“Tienen que nacer de nuevo, de lo alto del Espíritu” (Jn
3, 7b-15). Jesús les está revelando a sus discípulos acerca de una nueva forma
de nacer, una forma de nacer que es desconocida para los hombres: se trata del
nacimiento de lo alto, del nacimiento del Espíritu Santo. Nicodemo no entiende
de qué le está hablando Jesús, cree que, literalmente, un hombre debe nacer de
nuevo tal como nace por primera vez, es decir, desde el vientre de la madre.

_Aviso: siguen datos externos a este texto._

(* Let $g:\mathbb{R}\times(0,\infty)\times\mathbb{R}\to\mathbb{R}^2$ be the Kalman-filter update of a univariate Gaussian belief $b=(\mu,s)^{\mathrm{T}}$ (mean $\mu\in\mathbb{R}$, variance $s>0$) given an observation $y=x+w$ of the scalar state $x$ corrupted by noise $w\sim\mathcal{N}(0,1)$, i.e. $$g(b,y)=\left(\mu+\frac{s}{s+1}(y-\mu),\; s-\frac{s^2}{s+1}\right)^{\mathrm{T}}.$$ Then there exist constants $K_2,K_3,K_4,K_5\ge0$ and positive integers $L_1,L_2$ such that for all $\mu\in\mathbb{R}$, $s>0$, $y\in\mathbb{R}$, $$\|g(b,y)\|_2\le K_2+K_3\|b\|_2^{L_1}+K_4\|y\|_2^{L_2}+K_5\|b\|_2^{L_1}\|y\|_2^{L_2}$$ and $$\left\|\frac{\partial}{\partial b}g(b,y)\right\|_2\le K_2+K_3\|b\|_2^{L_1}+K_4\|y\|_2^{L_2}+K_5\|b\|_2^{L_1}\|y\|_2^{L_2}.$$
   Context: $\|\cdot\|_2$ on matrices denotes the operator (spectral) norm induced by the Euclidean norm. *)

From Stdlib Require Import Reals.
From Coquelicot Require Import Coquelicot.
Open Scope R_scope.

Definition g1 (mu s y : R) : R := mu + s / (s + 1) * (y - mu).
Definition g2 (mu s y : R) : R := s - s ^ 2 / (s + 1).

Definition norm2 (a b : R) : R := sqrt (a ^ 2 + b ^ 2).

Definition J11 (mu s y : R) : R := Derive (fun m => g1 m s y) mu.
Definition J12 (mu s y : R) : R := Derive (fun t => g1 mu t y) s.
Definition J21 (mu s y : R) : R := Derive (fun m => g2 m s y) mu.
Definition J22 (mu s y : R) : R := Derive (fun t => g2 mu t y) s.

(* Operator (spectral) norm of the 2x2 matrix [[a, b], [c, d]] induced by the
   Euclidean norm: sup of ||M v||_2 over unit vectors v. *)
Definition opnorm2 (a b c d : R) : Rbar :=
  Lub_Rbar (fun r => exists v1 v2 : R,
    norm2 v1 v2 = 1 /\ r = norm2 (a * v1 + b * v2) (c * v1 + d * v2)).

Definition pbound (K2 K3 K4 K5 : R) (L1 L2 : nat) (mu s y : R) : R :=
  K2 + K3 * (norm2 mu s) ^ L1 + K4 * (Rabs y) ^ L2
     + K5 * (norm2 mu s) ^ L1 * (Rabs y) ^ L2.

(* With k := 1 / (s + 1), which lies in (0, 1] for s > 0, the update is the
   convex combination g(b, y) = (k mu + (1 - k) y, 1 - k) and the Jacobian is
   [[k, (y - mu) k^2], [0, k^2]].  Bounding the operator norm by the sum of the
   absolute values of the entries, both quantities are at most 2 + |mu| + |y|,
   a bound of the required form with L1 = L2 = 1. *)

From Stdlib Require Import Reals Lra Psatz.
From Coquelicot Require Import Coquelicot.
Open Scope R_scope.

Lemma norm2_le_Rabs_sum a b : norm2 a b <= Rabs a + Rabs b.
Proof.
  pose proof (Rabs_pos a); pose proof (Rabs_pos b).
  unfold norm2; rewrite <- (sqrt_pow2 (Rabs a + Rabs b)) by lra.
  apply sqrt_le_1_alt.
  rewrite <- (pow2_abs a), <- (pow2_abs b); nra.
Qed.

Lemma Rabs_le_norm2_l a b : Rabs a <= norm2 a b.
Proof.
  unfold norm2; rewrite <- (sqrt_pow2 (Rabs a)) by apply Rabs_pos.
  apply sqrt_le_1_alt; rewrite pow2_abs; nra.
Qed.

Lemma Rabs_le_norm2_r a b : Rabs b <= norm2 a b.
Proof.
  unfold norm2; rewrite <- (sqrt_pow2 (Rabs b)) by apply Rabs_pos.
  apply sqrt_le_1_alt; rewrite pow2_abs; nra.
Qed.

Lemma Rabs_lin_comb_le a b v1 v2 :
  Rabs v1 <= 1 -> Rabs v2 <= 1 -> Rabs (a * v1 + b * v2) <= Rabs a + Rabs b.
Proof.
  intros Hv1 Hv2; eapply Rle_trans; [apply Rabs_triang|].
  rewrite !Rabs_mult; pose proof (Rabs_pos a); pose proof (Rabs_pos b); nra.
Qed.

Lemma Rabs_convex_comb_le t a b :
  0 <= t <= 1 -> Rabs (t * a + (1 - t) * b) <= Rabs a + Rabs b.
Proof.
  intros Ht; eapply Rle_trans; [apply Rabs_triang|].
  rewrite !Rabs_mult, (Rabs_pos_eq t), (Rabs_pos_eq (1 - t)) by lra.
  pose proof (Rabs_pos a); pose proof (Rabs_pos b); nra.
Qed.

Lemma opnorm2_le_Rabs_sum a b c d :
  Rbar_le (opnorm2 a b c d) (Rabs a + Rabs b + Rabs c + Rabs d).
Proof.
  unfold opnorm2.
  apply Lub_Rbar_correct; intros r [v1 [v2 [Hunit ->]]]; simpl.
  assert (Hv1 : Rabs v1 <= 1) by (rewrite <- Hunit; apply Rabs_le_norm2_l).
  assert (Hv2 : Rabs v2 <= 1) by (rewrite <- Hunit; apply Rabs_le_norm2_r).
  eapply Rle_trans; [apply norm2_le_Rabs_sum|].
  pose proof (Rabs_lin_comb_le a b v1 v2 Hv1 Hv2).
  pose proof (Rabs_lin_comb_le c d v1 v2 Hv1 Hv2).
  lra.
Qed.

Lemma Rinv_bounds_of_ge1 x : 1 <= x -> 0 < / x <= 1.
Proof.
  intros Hx; split; [apply Rinv_0_lt_compat; lra|].
  rewrite <- Rinv_1; apply Rinv_le_contravar; lra.
Qed.

Lemma g1_eq mu s y :
  s + 1 <> 0 -> g1 mu s y = / (s + 1) * mu + (1 - / (s + 1)) * y.
Proof. intros Hs; unfold g1; field; exact Hs. Qed.

Lemma g2_eq mu s y : s + 1 <> 0 -> g2 mu s y = 1 - / (s + 1).
Proof. intros Hs; unfold g2; field; exact Hs. Qed.

Lemma J11_eq mu s y : s + 1 <> 0 -> J11 mu s y = / (s + 1).
Proof.
  intros Hs; unfold J11, g1; apply is_derive_unique.
  auto_derive; [exact I|]; field; exact Hs.
Qed.

Lemma J12_eq mu s y : s + 1 <> 0 -> J12 mu s y = (y - mu) * / (s + 1) ^ 2.
Proof.
  intros Hs; unfold J12, g1; apply is_derive_unique.
  auto_derive; [exact Hs|]; field; exact Hs.
Qed.

Lemma J21_eq mu s y : J21 mu s y = 0.
Proof. unfold J21, g2; apply is_derive_unique; auto_derive; [lra|]; ring. Qed.

Lemma J22_eq mu s y : s + 1 <> 0 -> J22 mu s y = / (s + 1) ^ 2.
Proof.
  intros Hs; unfold J22, g2; apply is_derive_unique.
  auto_derive; [exact Hs|]; field; exact Hs.
Qed.

Lemma norm2_g_le mu s y :
  0 < s -> norm2 (g1 mu s y) (g2 mu s y) <= 1 + Rabs mu + Rabs y.
Proof.
  intros Hs.
  pose proof (Rinv_bounds_of_ge1 (s + 1) ltac:(lra)) as Hk.
  rewrite g1_eq, g2_eq by lra.
  eapply Rle_trans; [apply norm2_le_Rabs_sum|].
  pose proof (Rabs_convex_comb_le (/ (s + 1)) mu y ltac:(lra)).
  rewrite (Rabs_pos_eq (1 - _)) by lra.
  lra.
Qed.

Lemma opnorm2_jacobian_le mu s y :
  0 < s ->
  Rbar_le (opnorm2 (J11 mu s y) (J12 mu s y) (J21 mu s y) (J22 mu s y))
          (2 + Rabs mu + Rabs y).
Proof.
  intros Hs.
  eapply Rbar_le_trans; [apply opnorm2_le_Rabs_sum|]; simpl.
  pose proof (Rinv_bounds_of_ge1 (s + 1) ltac:(lra)) as Hk.
  pose proof (Rinv_bounds_of_ge1 ((s + 1) ^ 2) ltac:(nra)) as Hk2.
  rewrite J11_eq, J12_eq, J21_eq, J22_eq by lra.
  rewrite Rabs_mult, Rabs_R0, !(Rabs_pos_eq (/ _)) by lra.
  assert (Hdiff : Rabs (y - mu) <= Rabs mu + Rabs y).
  { unfold Rminus; eapply Rle_trans; [apply Rabs_triang|].
    rewrite Rabs_Ropp; lra. }
  pose proof (Rabs_pos (y - mu)).
  nra.
Qed.

Lemma linear_le_pbound mu s y :
  2 + Rabs mu + Rabs y <= pbound 2 2 1 0 1 1 mu s y.
Proof.
  unfold pbound; rewrite !pow_1.
  pose proof (Rabs_le_norm2_l mu s); pose proof (Rabs_pos mu).
  lra.
Qed.

Theorem proposition1 :
  exists (K2 K3 K4 K5 : R) (L1 L2 : nat),
    0 <= K2 /\ 0 <= K3 /\ 0 <= K4 /\ 0 <= K5 /\ (0 < L1)%nat /\ (0 < L2)%nat /\
    forall mu s y : R, 0 < s ->
      norm2 (g1 mu s y) (g2 mu s y) <= pbound K2 K3 K4 K5 L1 L2 mu s y /\
      Rbar_le (opnorm2 (J11 mu s y) (J12 mu s y) (J21 mu s y) (J22 mu s y))
              (Finite (pbound K2 K3 K4 K5 L1 L2 mu s y)).
Proof.
  exists 2, 2, 1, 0, 1%nat, 1%nat.
  do 6 (split; [lra || lia|]).
  intros mu s y Hs.
  pose proof (linear_le_pbound mu s y) as Hpbound.
  split.
  - pose proof (norm2_g_le mu s y Hs); lra.
  - eapply Rbar_le_trans; [apply (opnorm2_jacobian_le mu s y Hs)|].
    exact Hpbound.
Qed.
(* Vertices of t are numbered 0 .. tree_size t - 1 in preorder: the root is 0,
   and the k-th child subtree occupies a contiguous block starting right after
   the blocks of the previous children.  adj t i j : i and j are adjacent. *)
Fixpoint adj (t : tree) (i j : nat) {struct t} : bool :=
  let: Node ts := t in
  (fix go (l : seq tree) (o : nat) : bool :=
     match l with
     | [::] => false
     | c :: l' =>
       [|| (i == 0)%N && (j == o), (j == 0)%N && (i == o),
           [&& (o <= i)%N, (o <= j)%N, (i < o + tree_size c)%N,
               (j < o + tree_size c)%N & adj c (i - o)%N (j - o)%N]
         | go l' (o + tree_size c)%N]
     end) ts 1%N.

Definition adjmx (t : tree) : 'M[int]_(tree_size t) :=
  \matrix_(i, j) (adj t i j)%:R.

Definition phi (t : tree) : {poly int} := char_poly (adjmx t).

(* T1 ~ k T2 : join the root of T1 to the roots of k copies of T2. *)
Definition tjoin (t1 : tree) (k : nat) (t2 : tree) : tree :=
  let: Node ts := t1 in Node (ts ++ nseq k t2).

(* Crev [:: r_m; r_(m-1); ...; r_1] = C(r_1, ..., r_m). *)
Fixpoint Crev (l : seq nat) : tree :=
  match l with
  | [::] => leaf
  | [:: r] => tjoin leaf r leaf
  | a :: ((b :: t) as l') => tjoin (Crev t) (a - b)%N (Crev l')
  end.

Definition C (s : seq nat) : tree := Crev (rev s).

From mathcomp Require Import all_boot all_algebra.
From mathcomp Require Import perm zify ring.
Import GRing.Theory.
Local Open Scope ring_scope.
Set Implicit Arguments. Unset Strict Implicit. Unset Printing Implicit Defensive.
Lemma orbit_combs_addv x : x \in orbit_combs -> x + v \in orbit_combs.
Proof.
case/codomP=> c ->; apply/codomP.
exists [ffun h => Ordinal (ltn_pmod ((c h : nat) + (h == 1%g))%N (ltnW p_gt1))].
rewrite /orbit_comb (bigD1 1%g) //= [in RHS](bigD1 1%g) //= ffunE /= eqxx.
rewrite natr_modp natrD scalerDl f1 scale1r addrAC -!addrA; congr (_ + (_ + _)).
by apply: eq_bigr => h /negbTE h_neq1; rewrite ffunE /= h_neq1 addn0 natr_modp.
Qed.

Lemma orbit_combs_addnv x n : x \in orbit_combs -> x + n%:R *: v \in orbit_combs.
Proof.
move=> x_comb; elim: n => [|n IHn]; first by rewrite scale0r addr0.
by rewrite -addn1 natrD scalerDl scale1r addrA orbit_combs_addv.
Qed.

Let combT := seq_sub orbit_combs.

Definition comb_act (x : combT) (g : gT) : combT := insubd x (f g^-1 (val x)).

Lemma comb_act_val x g : val (comb_act x g) = f g^-1 (val x).
Proof. by rewrite /comb_act val_insubd orbit_combs_act // (valP x). Qed.

Lemma comb_act1 : comb_act^~ 1%g =1 id.
Proof. by move=> x; apply: val_inj; rewrite comb_act_val invg1 f1. Qed.

Lemma comb_actM x : act_morph comb_act x.
Proof. by move=> g h; apply: val_inj; rewrite !comb_act_val invMg fM. Qed.

Definition comb_action := TotalAction comb_act1 comb_actM.

Definition comb_shift (x : combT) (j : 'Z_p) : combT :=
  insubd x (val x + (j : nat)%:R *: v).
Theorem mainTheorem20 (n : nat) (Hn : 1 <= n) :
  in_SLT 2 (L9 n) /\ ~ in_RLV n (L9 n).
Proof. by split; [apply: L9_SLT | apply: L9_not_RLV]. Qed.
(* $E_3<_{\mathrm{Learn}}\mathbf{PL}$: every $E_3$-learnable family of structures is $\mathbf{PL}$-learnable, and there is a $\mathbf{PL}$-learnable family that is not $E_3$-learnable.
   Context: All structures are countable, have domain $\mathbb{N}$, are in a finite relational signature, and are identified with their atomic diagrams (elements of $2^{\mathbb{N}}$). A family of structures $\mathfrak{K}$ is a countable set of pairwise nonisomorphic such structures; $\mathcal{S}\restriction_s$ is the finite substructure on $\{0,\dots,s\}$; $\mathrm{LD}(\mathfrak{K})\subseteq2^{\mathbb{N}}$ is the set of structures with domain $\mathbb{N}$ isomorphic to a member of $\mathfrak{K}$ (subspace topology). For an equivalence relation $E$ on a space $X$, $\mathfrak{K}$ is $E$-learnable if there is a continuous $\Gamma:\mathrm{LD}(\mathfrak{K})\to X$ with $\mathcal{S}\cong\mathcal{S}'\iff\Gamma(\mathcal{S})E\Gamma(\mathcal{S}')$ on $\mathrm{LD}(\mathfrak{K})$. Fix a computable bijection $\langle\cdot,\cdot\rangle:\mathbb{N}^2\to\mathbb{N}$; $p^{[m]}(n)=p(\langle m,n\rangle)$ for $p\in\mathbb{N}^{\mathbb{N}\times\mathbb{N}}$; $p\,E_0\,q\iff\exists m\forall n\ge m\ p(n)=q(n)$; $p\,E_3\,q\iff\forall m\ p^{[m]}E_0q^{[m]}$. A learner is an arbitrary function from $\{\mathcal{S}\restriction_s:\mathcal{S}\in\mathrm{LD}(\mathfrak{K})\}$ to $\{\ulcorner\mathcal{A}\urcorner:\mathcal{A}\in\mathfrak{K}\}\cup\{?\}$. $\mathfrak{K}$ is $\mathbf{PL}$-learnable if some learner $\mathbf{M}$ satisfies: for every $\mathcal{S}\in\mathrm{LD}(\mathfrak{K})$ and $\mathcal{A}\in\mathfrak{K}$, $\{n:\mathbf{M}(\mathcal{S}\restriction_n)=\ulcorner\mathcal{A}\urcorner\}$ is infinite iff $\mathcal{A}\cong\mathcal{S}$. $X<_{\mathrm{Learn}}Y$ means every $X$-learnable family is $Y$-learnable but not conversely. *)

From mathcomp Require Import all_boot.
From Stdlib Require Cantor.
Set Implicit Arguments. Unset Strict Implicit. Unset Printing Implicit Defensive.

(* A structure with domain nat in this signature: its relations, i.e. exactly
   the data of its atomic diagram. *)
Definition structure (k : nat) (ar : 'I_k -> nat) : Type :=
  forall i : 'I_k, ('I_(ar i) -> nat) -> bool.

Section Learn.
Variables (k : nat) (ar : 'I_k -> nat).
Local Notation str := (structure ar).

Definition iso (A B : str) : Prop :=
  exists f : nat -> nat, bijective f /\
    forall (i : 'I_k) (t : 'I_(ar i) -> nat), A i t = B i (f \o t).

Definition restr_eq (s : nat) (A B : str) : Prop :=
  forall (i : 'I_k) (t : 'I_(ar i) -> nat), (forall j, t j <= s) -> A i t = B i t.

Definition is_family (I : countType) (K : I -> str) : Prop :=
  forall a b : I, iso (K a) (K b) -> a = b.

Definition LD (I : countType) (K : I -> str) (A : str) : Prop :=
  exists a : I, iso A (K a).

(* Continuity of G : LD(K) -> nat^nat, LD(K) carrying the subspace topology of
   Cantor space of atomic diagrams (basic open sets: {A | A|_s = sigma}) and
   nat^nat the Baire space topology. *)
Definition continuous_on_LD (I : countType) (K : I -> str)
    (G : str -> (nat -> nat)) : Prop :=
  forall A, LD K A -> forall n : nat, exists s : nat,
    forall B, LD K B -> restr_eq s A B -> G B n = G A n.

Definition E_learnable (E : (nat -> nat) -> (nat -> nat) -> Prop)
    (I : countType) (K : I -> str) : Prop :=
  exists G : str -> (nat -> nat), continuous_on_LD K G /\
    forall A B, LD K A -> LD K B -> (iso A B <-> E (G A) (G B)).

Pero Jesús le aclara de qué se trata: es un nacimiento nuevo, desconocido para
los hombres, un nacimiento de Dios, un nacimiento del Espíritu Santo de Dios. Luego
Jesús les da una señal de cómo se habrá de producir este nuevo nacimiento, como
consecuencia de la efusión del Espíritu Santo y es cuando les anticipa
proféticamente que Él habrá de ser crucificado y traspasado: “Así como Moisés
elevó en alto la serpiente, así es necesario que el Hijo del hombre sea elevado
en alto, para que todo aquel que crea en Él, tenga vida eterna”. El “ser
elevado en alto” es, por supuesto, el momento de la crucifixión y el modo en el
que los que crean en Él tendrán vida eterna, es cuando reciban, a través de su
Sangre derramada en la cruz, el Espíritu Santo. Es decir, el Espíritu Santo que
el mismo Jesús les infundirá a los discípulos con la Sangre derramada en el
Calvario, es el mismo Espíritu que se infundirá a través de los Sacramentos,
principalmente el Sacramento del Bautismo y es el que concederá a los hombres
que lo reciban la Vida eterna, la Vida divina, la Vida absolutamente
sobrenatural del Sagrado Corazón de Jesús, que es a su vez la Vida Eterna de la
Trinidad.
“Tienen que nacer de nuevo, de lo alto del Espíritu”. Desde
que recibimos el Bautismo sacramental, desde ese momento, iniciamos una nueva
vida, la vida de los hijos de Dios, porque recibimos el Espíritu Santo que nos
hizo nacer de lo alto, no ya como hijos humanos de padres humanos, sino como
hijos adoptivos del Padre celestial. Ésa es la razón por la que nuestro ser,
nuestros pensamientos, nuestros deseos, nuestras obras, nuestras palabras,
deben reflejar la vida nueva de los hijos de Dios, quienes “estamos en este
mundo, pero no somos de este mundo”, porque pertenecemos al Reino de los cielos
y hacia Él nos dirigimos cada día que pasa en esta vida terrena.